Он не успел закончить фразы. Открылась дверь и вошёл генерал Суджа. Один. Это был знак – Бранко мёртв или арестован. Президент тяжело поднялся и вышел из-за стола.

– Я к вашим услугам, генерал.

– Прошу прощения, господин Президент.

– Не стоит извинений, генерал. Армия вне политики. Знаете, что это означает? Лишь то, что военные мозги не способны мыслить политическими категориями. Излишества бодибилдинга атрофируют умственные способности.

– Вы арестованы, господин Президент.

– Спасибо, генерал. Я не нуждаюсь в суфлерах. Идёмте.

– Не хотите попрощаться с женой?

– Да, конечно. Прощай, Никта.

Даже не посмотрел в её сторону. Зачем? Они ещё непременно увидятся, и даже слишком скоро. А то, что не посмотрел, – пусть это будет маленьким упрёком – за всё.

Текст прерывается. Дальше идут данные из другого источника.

(* Let $k,n$ be positive integers with $k\leqslant n$ and let $C\in\mathrm{Conf}([n]^k_<)$ be a shelling order. Then its evacuation $\epsilon_D C$ is a shelling order.
   Context: $[n]:=\{1,\ldots,n\}$; $[n]^k_<$ denotes the set of $k$-element subsets of $[n]$. $\mathrm{Conf}([n]^k_<)$ is the set of tuples $C=(C_1,\ldots,C_h)$, $h\geqslant1$, of pairwise distinct elements of $[n]^k_<$. $C$ is a shelling order if for all $i<j$ in $[h]$ there exists $z<j$ with $|C_z\cap C_j|=k-1$ and $C_i\cap C_j\subseteq C_z\cap C_j$. The dual graph $D(C)$ is the graph on $[h]$ with $\{i,j\}$ an edge iff $|C_i\cap C_j|=k-1$. For a graph $G$ on $[h]$, its track $T_G=\{v_1,\ldots,v_r\}$ is defined by $v_1=1$ and, for $i\geqslant2$, $v_i=\min\{j\in[h]: j>v_{i-1},\ \{v_{i-1},j\}\text{ an edge}\}$ if this exists, otherwise $r=i-1$. The promotion $\partial_G\in S_h$ is given by $\partial_G(i)=i-1$ for $i\notin T_G$, $\partial_G(v_j)=v_{j+1}-1$ for $j\in[r-1]$, $\partial_G(v_r)=h$. For $\sigma\in S_h$, $\sigma C:=(C_{\sigma^{-1}(1)},\ldots,C_{\sigma^{-1}(h)})$, and $\partial_D C:=\partial_{D(C)}C$. For $r\in[h]$, the $r$-promotion is $\partial_{r,D}C:=(\partial_D(C_1,\ldots,C_r),C_{r+1},\ldots,C_h)$, i.e. promotion applied to the prefix of length $r$ followed by the unchanged remaining entries. The evacuation is $\epsilon_D C:=(\partial_{2,D}\circ\cdots\circ\partial_{h-1,D}\circ\partial_{h,D})(C)$. *)

From mathcomp Require Import all_boot.
Set Implicit Arguments. Unset Strict Implicit. Unset Printing Implicit Defensive.

(* Ground set [n] = {1,..,n} is relabelled as 'I_n = {0,..,n-1}.
   A configuration C = (C_1,...,C_h) is a seq of subsets; positions are
   1-based as in the paper: C_i := nth set0 C (i-1). *)

Section Defs.
Variable n : nat.
Implicit Types C : seq {set 'I_n}.

Definition Cn C (i : nat) : {set 'I_n} := nth set0 C i.-1.

Definition is_conf (k : nat) C : bool :=
  [&& 0 < size C, uniq C & all (fun A : {set 'I_n} => #|A| == k) C].

Definition shelling (k : nat) C : Prop :=
  forall i j, 1 <= i -> i < j -> j <= size C ->
    exists z, [/\ 1 <= z, z < j, #|Cn C z :&: Cn C j| = k - 1
              & Cn C i :&: Cn C j \subset Cn C z :&: Cn C j].

Definition dual (k : nat) C : rel nat :=
  fun i j => #|Cn C i :&: Cn C j| == k - 1.
End Defs.

Definition tnext (G : rel nat) (h v : nat) : option nat :=
  ohead [seq j <- iota v.+1 (h - v) | G v j].

Fixpoint trk (G : rel nat) (h fuel v : nat) : seq nat :=
  v :: match fuel with
       | 0 => [::]
       | f.+1 => if tnext G h v is Some w then trk G h f w else [::]
       end.

Definition track (G : rel nat) (h : nat) : seq nat := trk G h h 1.

Definition promo (G : rel nat) (h : nat) (i : nat) : nat :=
  if i \in track G h then
    (if tnext G h i is Some w then w.-1 else h)
  else i.-1.

(* sigma C = (C_{sigma^-1(1)},...,C_{sigma^-1(h)}) *)
Definition act (n : nat) (sigma : nat -> nat) (C : seq {set 'I_n}) :=
  [seq nth set0 C (index m [seq sigma i | i <- iota 1 (size C)])
  | m <- iota 1 (size C)].

Definition promoD (n k : nat) (C : seq {set 'I_n}) :=
  act (promo (dual k C) (size C)) C.

Definition rpromo (n k r : nat) (C : seq {set 'I_n}) :=
  promoD k (take r C) ++ drop r C.

(* evacuation: partial_2 o ... o partial_{h-1} o partial_h *)
Definition evac (n k : nat) (C : seq {set 'I_n}) :=
  foldr (fun r acc => rpromo k r acc) C (iota 2 (size C).-1).

From mathcomp Require Import all_boot zify.
Set Implicit Arguments. Unset Strict Implicit. Unset Printing Implicit Defensive.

Их расстреляли на рассвете следующего дня. Судили по Закону от Первого Декабря 1934 года (слушание дела заканчивать в срок не более десяти дней, обвинительное заключение вручать за сутки до рассмотрения дела в суде, слушать без участия прокурора и защитника, кассационных обжалований, ходатайств о помиловании не допускать, приговор к высшей мере наказания приводить в исполнение немедленно), по странной случайности не отменённому со времён тоталитаризма. Когда их поставили у кирпичной ограды, они взялись за руки. Ночная прохлада высушила пот на лице. Рука жены была холодна, как лёд. Он подумал, что писал, вероятно, для того, чтобы принять смерть с удовлетворением.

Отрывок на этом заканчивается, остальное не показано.